(* Let $(\mathbf X_n^I)_{n\ge1}$ be adapted to the filtration $\mathcal G=(\mathcal G_n)_{n\ge0}$. The following are equivalent: (i) $(\mathbf X_n^I)$ is partially $\mathcal G$-c.i.d.; (ii) for every $j\in I$ and every bounded measurable $f:\mathbb X\to\mathbb R$, $\big(\mathbb E[f(X_{n+1,j})\mid\mathcal G_n^j]\big)_{n\ge0}$ is a martingale with respect to $\mathcal G^j=(\mathcal G_n^j)_{n\ge0}$; (iii) for every $n\ge0$ and $j\in I$, $(\mathbf X^{I\setminus\{j\}}_{n+1},X_{\tau+1,j})\overset{d}{=}(\mathbf X^{I\setminus\{j\}}_{n+1},X_{n+1,j})$ for every finite $\mathcal G$-stopping time $\tau$ with $\tau\ge n$.
   Context: All random elements live on $(\Omega,\mathcal F,\mathbb P)$; $\mathbb X$ is Polish with Borel $\sigma$-algebra $\mathcal X$; $I$ is a finite or countable index set; $[X_{n,i}]_{n\ge1,i\in I}$ is an array of $\mathbb X$-valued random variables with rows $\mathbf X_n^I=(X_{n,i})_{i\in I}$, and $\mathbf X_n^J=(X_{n,i})_{i\in J}$ for $J\subset I$. For a filtration $\mathcal G=(\mathcal G_n)_{n\ge0}$ and $j\in I$, $\mathcal G_n^j=\mathcal G_n\vee\sigma(X_{n+1,i}:i\ne j)$. The process $(\mathbf X_n^I)$ is partially $\mathcal G$-c.i.d. if it is adapted to $\mathcal G$ and, for every $j\in I$, $k\ge1$, $n\ge0$ and bounded measurable $f:\mathbb X\to\mathbb R$, $\mathbb E[f(X_{n+1,j})\mid\mathcal G_n^j]=\mathbb E[f(X_{n+k,j})\mid\mathcal G_n^j]$ a.s. *)

From HB Require Import structures.
From mathcomp Require Import all_boot all_order all_algebra.
From mathcomp Require Import all_classical all_reals all_analysis.
Set Implicit Arguments. Unset Strict Implicit. Unset Printing Implicit Defensive.
Import Order.TTheory GRing.Theory Num.Theory.
Local Open Scope classical_set_scope.
Local Open Scope ring_scope.

Section Defs.
Context {R : realType}.

(* Polish space: a (pseudo)metric space that is complete (the type is a
   completePseudoMetricType), Hausdorff (so the pseudometric is a metric)
   and separable (has a countable dense subset). *)
Definition polish (X : completePseudoMetricType R) : Prop :=
  hausdorff_space X /\ exists2 D : set X, countable D & dense D.

Definition borel (X : topologicalType) : set (set X) := <<s open >>.

Definition bounded_borel_fun (X : topologicalType) (f : X -> R) : Prop :=
  (forall B : set R, measurable B -> @borel X (f @^-1` B)) /\
  exists M : R, forall x, `|f x| <= M.

Context {d : measure_display} {Omega : measurableType d}.
Variable P : probability Omega R.

Definition sub_sigma (H : set (set Omega)) : Prop :=
  sigma_algebra setT H /\ H `<=` measurable.

Definition filtration (G : nat -> set (set Omega)) : Prop :=
  (forall n, sub_sigma (G n)) /\ (forall n, G n `<=` G n.+1).

Definition is_cond_exp (H : set (set Omega)) (Z Y : Omega -> R) : Prop :=
  [/\ (forall B : set R, measurable B -> H (Y @^-1` B)),
      P.-integrable setT (fun x => (Y x)%:E) &
      forall A, H A ->
        (\int[P]_(x in A) (Y x)%:E = \int[P]_(x in A) (Z x)%:E)%E].

Definition martingale (H : nat -> set (set Omega)) (M : nat -> Omega -> R) :=
  forall n, is_cond_exp (H n) (M n.+1) (M n).

Definition stopping_time (G : nat -> set (set Omega)) (tau : Omega -> nat) :=
  forall m, G m (tau @^-1` [set m]).

Context {X : completePseudoMetricType R} {I : countType}.

(* array [X_{n,i}]; only the rows n >= 1 are used *)
Definition adapted (G : nat -> set (set Omega)) (Xa : nat -> I -> Omega -> X) :=
  forall n i B, (0 < n)%N -> @borel X B -> G n (Xa n i @^-1` B).

Definition Gj (G : nat -> set (set Omega)) (Xa : nat -> I -> Omega -> X)
    (j : I) (n : nat) : set (set Omega) :=
  <<s G n `|` \bigcup_(i in [set i | i != j])
        preimage_set_system setT (Xa n.+1 i) (@borel X) >>.

Definition partially_cid (G : nat -> set (set Omega))
    (Xa : nat -> I -> Omega -> X) : Prop :=
  adapted G Xa /\
  forall (j : I) (k n : nat) (f : X -> R), (0 < k)%N -> bounded_borel_fun f ->
  forall Y1 Y2 : Omega -> R,
    is_cond_exp (Gj G Xa j n) (f \o Xa n.+1 j) Y1 ->
    is_cond_exp (Gj G Xa j n) (f \o Xa (n + k)%N j) Y2 ->
    {ae P, forall w, Y1 w = Y2 w}.

Definition prod_sigma : set (set (I -> X)) :=
  <<s \bigcup_(i in [set: I])
        preimage_set_system setT (fun g : I -> X => g i) (@borel X) >>.

Definition eq_in_law (Z1 Z2 : Omega -> (I -> X)) : Prop :=
  forall B, prod_sigma B -> P (Z1 @^-1` B) = P (Z2 @^-1` B).

End Defs.

From HB Require Import structures.
From mathcomp Require Import all_boot all_order all_algebra.
From mathcomp Require Import all_classical all_reals all_analysis.
From mathcomp Require Import measurable_realfun zify lra.
Import Order.TTheory GRing.Theory Num.Theory.
Local Open Scope classical_set_scope.
Local Open Scope ring_scope.
Set Implicit Arguments. Unset Strict Implicit. Unset Printing Implicit Defensive.

(* All three conditions are equivalent to the one-step identity
     E[f(X_{n+1,j}) ; A] = E[f(X_{n+2,j}) ; A]   for A in G_n^j,
   which iterates to X_{n+k,j} because G_n^j is contained in G_{n+1}^j.
   For (i) and (ii) this is a rephrasing through the defining property of
   conditional expectations (which exist by Radon-Nikodym on the trace of P on
   the sub-sigma-algebra).  Since the identity only involves the laws of
   X_{n+1,j} and X_{n+2,j} restricted to A, it suffices to check it for
   indicators f = 1_E.  For (iii), a pi-lambda argument on cylinders reduces the
   equality in law to P(A, X_{tau+1,j} in E) = P(A, X_{n+1,j} in E) for A in G_n^j;
   splitting on {tau <= N} and applying the one-step identity on {tau > N},
   which lies in G_N^j, telescopes to this equality up to an error P(tau > N)
   that tends to 0.  Conversely, the stopping time equal to n+1 on B and n off B,
   for B in G_n, gives back the one-step identity on the sets of G_n^j generated
   by G_n and the other coordinates of row n+1. *)

Section sigma_algebra_lemmas.
Variable T : Type.
Implicit Types S C L : set (set T).
Lemma transversal_setU Y1 Y2 L1 L2 L S1 S2 : [disjoint Y1 & Y2] ->
  latin_on Y1 L1 -> latin_on Y2 L2 ->
  latin_transversal Y1 L1 S1 -> latin_transversal Y2 L2 S2 ->
  S1 :|: S2 \subset L -> latin_transversal (Y1 :|: Y2) L (S1 :|: S2).
Proof.
move=> Y12 [hL1 _ _ _] [hL2 _ _ _] hS1 hS2 S12L.
have neq12 a b : a \in Y1 -> b \in Y2 -> a != b.
  by move=> aY; apply: contraTneq => <-; rewrite (disjointFr Y12 aY).
have apart12 x y : x \in S1 -> y \in S2 -> apart x y.
  move=> /(subsetP (latin_transversal_sub hS1)) /hL1 [r c s].
  move=> /(subsetP (latin_transversal_sub hS2)) /hL2 [r' c' s'].
  by apply/and3P; split; apply: neq12.
have S12 : S1 :&: S2 = set0.
  apply/setP=> x; rewrite !inE; apply/negbTE/andP => -[xS1 xS2].
  by have := apart12 x x xS1 xS2; rewrite /apart eqxx.
have Y12_0 : Y1 :&: Y2 = set0 by apply/disjoint_setI0.
apply/and3P; split=> //.
  case/and3P: hS1 => _ /eqP cardS1 _; case/and3P: hS2 => _ /eqP cardS2 _.
  by rewrite !cardsU S12 Y12_0 !cards0 cardS1 cardS2.
apply/forall_inP=> x /setUP xS; apply/forall_inP=> y /setUP yS; apply/implyP=> xy.
case: xS yS => [xS1 | xS2] [yS1 | yS2].
- exact: transversal_apart hS1 xS1 yS1 xy.
- exact: apart12.
- by rewrite -[_ && _]/(apart x y) apart_sym; apply: apart12.
- exact: transversal_apart hS2 xS2 yS2 xy.
Qed.

Lemma setU_rowsK Y1 Y2 S1 S2 : [disjoint Y1 & Y2] ->
  {in S1, forall x, trow x \in Y1} -> {in S2, forall x, trow x \in Y2} ->
  [set x in S1 :|: S2 | trow x \in Y1] = S1.
Proof.
move=> Y12 S1Y S2Y; apply/setP=> x; rewrite !inE.
case: (boolP (x \in S1)) => [/S1Y -> // | _] /=.
by apply/negbTE/andP => -[/S2Y rY2 rY1]; rewrite (disjointFr Y12 rY1) in rY2.
Qed.

End LatinTransversals.

Arguments rotate {N} x.

Section Prolongation.
Variables n k : nat.
Local Notation N := (n + k).
Implicit Types (x y : triple N) (r c s : 'I_N) (i j : 'I_k).
Implicit Types (A C : {set triple N}) (T : 'I_k -> {set triple N}).

Lemma shiftk_ge i : n <= shiftk n i.
Proof. exact: leq_addr. Qed.

Lemma shiftk_inj : injective (@shiftk n k).
Proof. exact: rshift_inj. Qed.

Lemma lowYP r : r < n -> r \in lowY n k.
Proof. by rewrite inE. Qed.

Lemma shiftk_highY i : shiftk n i \in highY n k.
Proof. by rewrite inE shiftk_ge. Qed.

Lemma shiftk_ltnF i : (shiftk n i < n) = false.
Proof. by rewrite ltnNge shiftk_ge. Qed.

Lemma low_neq_shiftk r i : r < n -> (r == shiftk n i) = false.
Proof. by move=> hr; apply: contraTF hr => /eqP ->; rewrite shiftk_ltnF. Qed.

Variant shiftk_spec : 'I_N -> Type :=
  | ShiftkLow (r : 'I_N) of r < n : shiftk_spec r
  | ShiftkHigh (i : 'I_k) : shiftk_spec (shiftk n i).

Lemma shiftkP r : shiftk_spec r.
Proof.
case: (ltnP r n) => [|le_nr]; first exact: ShiftkLow.
have lt_rk : r - n < k by have := ltn_ord r; lia.
have -> : r = shiftk n (Ordinal lt_rk) by apply: val_inj => /=; lia.
exact: ShiftkHigh.
Qed.

Definition spread i y : {set triple N} :=
  [set ((trow y, tcol y), shiftk n i); ((trow y, shiftk n i), tsym y);
       ((shiftk n i, tcol y), tsym y)].

Lemma mem_Ahat A T C x : (x \in Ahat A T C) =
  [|| (x \in A) && [forall i, x \notin T i],
      [exists i, exists y in T i, x \in spread i y] | x \in C].
Proof.
rewrite inE; congr [|| _, _ | _]; apply: eq_existsb => i.
by apply/eq_existsb => y; rewrite /spread !inE orbA.
Qed.

Lemma spread_rotate i y : rotate @^-1: spread i (rotate y) = spread i y.
Proof.
case: y => [[a' b'] c']; apply/setP=> [[[a b] c]].
rewrite !inE /rotate /trow /tcol /tsym /= !xpair_eqE.
by do !case: (_ == _).
Qed.

Lemma Ahat_rotate A T C :
  Ahat (rotate @^-1: A) (fun i => rotate @^-1: T i) (rotate @^-1: C) =
  rotate @^-1: Ahat A T C.
Proof.
apply/setP=> x; rewrite [RHS]inE !mem_Ahat !inE; congr [|| _ && _, _ | _].
  by apply: eq_forallb => i; rewrite inE.
apply: eq_existsb => i; apply/existsP/existsP => [[y] | [z /andP [zT xz]]].
  by rewrite inE -spread_rotate inE => yx; exists (rotate y).
by exists (unrotate z); rewrite inE -spread_rotate inE unrotateK zT.
Qed.

Definition prolongation_data A T C :=
  [/\ latin_on (lowY n k) A, forall i, latin_transversal (lowY n k) A (T i),
      forall i j, i != j -> [disjoint T i & T j] & latin_on (highY n k) C].

Lemma prolongation_data_rotate A T C : prolongation_data A T C ->
  prolongation_data (rotate @^-1: A) (fun i => rotate @^-1: T i) (rotate @^-1: C).
Proof.
case=> hA hT hTT hC; split; try exact: latin_rotate.
- by move=> i; apply: transversal_rotate.
- by move=> i j ij; apply/disjoint_preimset/hTT.
Qed.

Definition low_count x := (trow x < n) + (tcol x < n) + (tsym x < n).

Section Regions.
Variables (A : {set triple N}) (T : 'I_k -> {set triple N}) (C : {set triple N}).
Hypothesis hD : prolongation_data A T C.

Lemma low_of_A x : x \in A -> [/\ trow x < n, tcol x < n & tsym x < n].
Proof. by case: hD => -[hA _ _ _] _ _ _ /hA []; rewrite !inE. Qed.

Lemma low_count_A x : x \in A -> low_count x = 3.
Proof. by case/low_of_A; rewrite /low_count => -> -> ->. Qed.

Lemma low_count_C x : x \in C -> low_count x = 0.
Proof.
case: hD => _ _ _ [hC _ _ _] /hC []; rewrite !inE /low_count => r c s.
by rewrite !ltnNge r c s.
Qed.

Lemma low_of_T i x : x \in T i -> [/\ trow x < n, tcol x < n & tsym x < n].
Proof.
by case: hD => _ hT _ _ xT; apply/low_of_A/(subsetP _ _ xT); case/and3P: (hT i).
Qed.

Lemma low_count_spread x : [exists i, exists y in T i, x \in spread i y] ->
  low_count x = 2.
Proof.
case/existsP=> i /existsP [y /andP [/low_of_T [r c s]]].
by rewrite !inE -orbA => /or3P [] /eqP ->; rewrite /low_count /= ?r ?c ?s shiftk_ltnF.
Qed.

Lemma mem_Ahat_A x : low_count x = 3 ->
  (x \in Ahat A T C) = (x \in A) && [forall i, x \notin T i].
Proof.
move=> cnt; rewrite mem_Ahat; apply/idP/idP => [|-> //].
by case/or3P=> [// | /low_count_spread | /low_count_C]; rewrite cnt.
Qed.

Lemma mem_Ahat_spread x : low_count x = 2 ->
  (x \in Ahat A T C) = [exists i, exists y in T i, x \in spread i y].
Proof.
move=> cnt; rewrite mem_Ahat; apply/idP/idP => [|->]; last by rewrite orbT.
by case/or3P=> [/andP [/low_count_A] | // | /low_count_C]; rewrite cnt.
Qed.

Lemma mem_Ahat_C x : low_count x <= 1 -> (x \in Ahat A T C) = (x \in C).
Proof.
move=> cnt; rewrite mem_Ahat; apply/idP/idP => [|->]; last by rewrite !orbT.
by case/or3P=> [/andP [/low_count_A e _] | /low_count_spread e | //]; rewrite e in cnt.
Qed.

Lemma mem_Ahat_shift_sym r c i : (r < n) || (c < n) ->
  (((r, c), shiftk n i) \in Ahat A T C) = [exists s, ((r, c), s) \in T i].
Proof.
have [/andP [hr hc] _ | not_both hrc] := boolP ((r < n) && (c < n)).
  rewrite mem_Ahat_spread; last by rewrite /low_count /= hr hc shiftk_ltnF.
  apply/existsP/existsP => [[j /existsP [[[r' c'] s] /andP [yT]]] | [s xT]].
    rewrite /spread /trow /tcol /tsym /= !inE !xpair_eqE.
    rewrite (low_neq_shiftk _ hr) (low_neq_shiftk _ hc) (inj_eq shiftk_inj) !andbF !orbF.
    by case/andP=> [/andP [/eqP -> /eqP ->] /eqP ->]; exists s.
  by exists i; apply/existsP; exists ((r, c), s); rewrite xT /spread !inE eqxx.
have one_low : low_count ((r, c), shiftk n i) <= 1.
  by move: not_both; rewrite /low_count /= shiftk_ltnF; case: (r < n); case: (c < n).
rewrite mem_Ahat_C //; apply/idP/existsP => [/low_count_C | [s /low_of_T [hr hc _]]].
  by move: hrc; rewrite /low_count /= shiftk_ltnF; case: (r < n); case: (c < n).
by rewrite /= hr hc in not_both.
Qed.

End Regions.

Section Cells.
Variables (A : {set triple N}) (T : 'I_k -> {set triple N}) (C : {set triple N}).
Hypothesis hD : prolongation_data A T C.

Lemma mem_Ahat_shift_row r c i : r < n ->
  (((shiftk n i, r), c) \in Ahat A T C) = [exists s, ((s, r), c) \in T i].
Proof.
move=> hr; have := mem_Ahat_shift_sym (prolongation_data_rotate hD) (c := c) i
  (introT orP (or_introl hr)).
by rewrite Ahat_rotate inE /= => ->; apply: eq_existsb => s; rewrite inE.
Qed.

Lemma mem_Ahat_shift_col r s i : r < n ->
  (((r, shiftk n i), s) \in Ahat A T C) = [exists c, ((r, c), s) \in T i].
Proof.
move=> hr.
have := mem_Ahat_shift_sym (prolongation_data_rotate (prolongation_data_rotate hD))
  (r := s) i (introT orP (or_intror hr)).
by rewrite !Ahat_rotate !inE /= => ->; apply: eq_existsb => c; rewrite !inE.
Qed.

Lemma Ahat_cell_low r c : r < n -> c < n -> exists! s, ((r, c), s) \in Ahat A T C.
Proof.
case: hD => -[hA cellA _ _] hT hTT _ hr hc.
have [s0 [s0A s0_uniq]] := cellA r c (lowYP hr) (lowYP hc).
have T_s0 i s : ((r, c), s) \in T i -> s = s0.
  by move=> sT; apply/esym/s0_uniq/(subsetP _ _ sT); case/and3P: (hT i).
have mem_low s : s < n -> (((r, c), s) \in Ahat A T C) =
    (((r, c), s) \in A) && [forall i, ((r, c), s) \notin T i].
  by move=> hs; apply: (mem_Ahat_A hD); rewrite /low_count /= hr hc hs.
case: (pickP (fun i => ((r, c), s0) \in T i)) => [i s0T | s0_notT].
  exists (shiftk n i); split.
    by rewrite (mem_Ahat_shift_sym hD) ?hr //; apply/existsP; exists s0.
  move=> s; case: s / (shiftkP s) => [s hs | j].
    by rewrite mem_low // => /andP [/s0_uniq <- /forallP /(_ i)]; rewrite s0T.
  rewrite (mem_Ahat_shift_sym hD) ?hr // => /existsP [s /[dup] /T_s0 -> sT].
  congr shiftk; apply/eqP; apply: contraT => ij.
  by rewrite (disjointFr (hTT i j ij) s0T) in sT.
have s0_low : s0 < n by case/hA: s0A => _ _; rewrite inE.
exists s0; split.
  by rewrite mem_low // s0A; apply/forallP => i; rewrite s0_notT.
move=> s; case: s / (shiftkP s) => [s hs | j].
  by rewrite mem_low // => /andP [/s0_uniq].
rewrite (mem_Ahat_shift_sym hD) ?hr // => /existsP [s /[dup] /T_s0 ->].
by rewrite s0_notT.
Qed.

Lemma Ahat_cell r c : exists! s, ((r, c), s) \in Ahat A T C.
Proof.
have [hA hT _ [_ cellC _ _]] := hD.
case: r / (shiftkP r) => [r hr | i]; case: c / (shiftkP c) => [c hc | j].
- exact: Ahat_cell_low.
- have := transversal_row_sym hA (hT j) (lowYP hr).
  by apply: eq_ex_unique => s; rewrite mem_Ahat_shift_col //; apply: rwP existsP.
- have := transversal_col_sym hA (hT i) (lowYP hc).
  by apply: eq_ex_unique => s; rewrite mem_Ahat_shift_row //; apply: rwP existsP.
- have := cellC _ _ (shiftk_highY i) (shiftk_highY j).
  apply: eq_ex_unique => s; rewrite mem_Ahat_C //.
  by rewrite /low_count /= !shiftk_ltnF; case: (s < n).
Qed.

End Cells.

Lemma latin_Ahat A T C : prolongation_data A T C -> latin_on [set: 'I_N] (Ahat A T C).
Proof.
move=> hD; have hD1 := prolongation_data_rotate hD.
have hD2 := prolongation_data_rotate hD1.
split=> [x _ | r c _ _ | r s _ _ | c s _ _]; first by rewrite !inE.
- exact: Ahat_cell.
- have := Ahat_cell hD2 s r; rewrite !Ahat_rotate.
  by apply: eq_ex_unique => c; rewrite !inE.
- have := Ahat_cell hD1 c s; rewrite Ahat_rotate.
  by apply: eq_ex_unique => r; rewrite !inE.
Qed.

Lemma leq_num_transversals_Ahat A T C : prolongation_data A T C ->
  num_transversals (highY n k) C * num_transversals_avoiding (lowY n k) A T <=
  num_transversals [set: 'I_N] (Ahat A T C).
Proof.
case=> hA _ _ hC.
have Y_disj : [disjoint highY n k & lowY n k].
  by rewrite -setI_eq0; apply/eqP/setP => r; rewrite !inE leqNgt andNb.
have Y_cover : highY n k :|: lowY n k = [set: 'I_N].
  by apply/setP => r; rewrite !inE leqNgt orNb.
rewrite /num_transversals /num_transversals_avoiding -cardsX.
rewrite -(card_in_imset (f := fun S => S.1 :|: S.2)); last first.
  move=> [S1 S2] [S1' S2'] /setXP [S1C S2A] /setXP [S1'C S2'A] /= S12.
  rewrite !inE in S1C S2A S1'C S2'A.
  case/andP: S2A => S2A _; case/andP: S2'A => S2'A _.
  have rowsC := transversal_row_mem hC; have rowsA := transversal_row_mem hA.
  congr pair.
    rewrite -(setU_rowsK Y_disj (rowsC _ S1C) (rowsA _ S2A)) S12.
    exact: setU_rowsK Y_disj (rowsC _ S1'C) (rowsA _ S2'A).
  rewrite disjoint_sym in Y_disj.
  rewrite -(setU_rowsK Y_disj (rowsA _ S2A) (rowsC _ S1C)) setUC S12 setUC.
  exact: setU_rowsK Y_disj (rowsA _ S2'A) (rowsC _ S1'C).
apply/subset_leq_card/subsetP => S /imsetP [[S1 S2] /setXP [] /[!inE] S1C].
case/andP=> S2A /forallP S2T ->; rewrite -Y_cover.
apply: (transversal_setU Y_disj hC hA S1C S2A).
apply/subsetP=> x; rewrite mem_Ahat => /setUP [xS1 | xS2].
  by rewrite (subsetP (latin_transversal_sub S1C)) ?orbT.
rewrite (subsetP (latin_transversal_sub S2A)) //=; apply/orP; left.
by apply/forallP=> i; rewrite (disjointFr (S2T i) xS2).
Qed.

End Prolongation.

Theorem mainTheorem4 (n k : nat)
    (A : {set triple (n + k)}) (T : 'I_k -> {set triple (n + k)})
    (C : {set triple (n + k)})
    (hA : latin_on (lowY n k) A)
    (hT : forall i : 'I_k, latin_transversal (lowY n k) A (T i))
    (hTdisj : forall i j : 'I_k, i != j -> [disjoint T i & T j])
    (hC : latin_on (highY n k) C) :
  latin_on [set: 'I_(n + k)] (Ahat A T C) /\
  num_transversals [set: 'I_(n + k)] (Ahat A T C) >=
    num_transversals (highY n k) C * num_transversals_avoiding (lowY n k) A T.
Proof.
have hD : prolongation_data A T C by split.
by split; [apply: latin_Ahat | apply: leq_num_transversals_Ahat].
Qed.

Task statement
Within the lines above, find those holding the word "topologicalType" and copy them.

Solution to the exercise
Definition borel (X : topologicalType) : set (set X) := <<s open >>.
Definition bounded_borel_fun (X : topologicalType) (f : X -> R) : Prop :=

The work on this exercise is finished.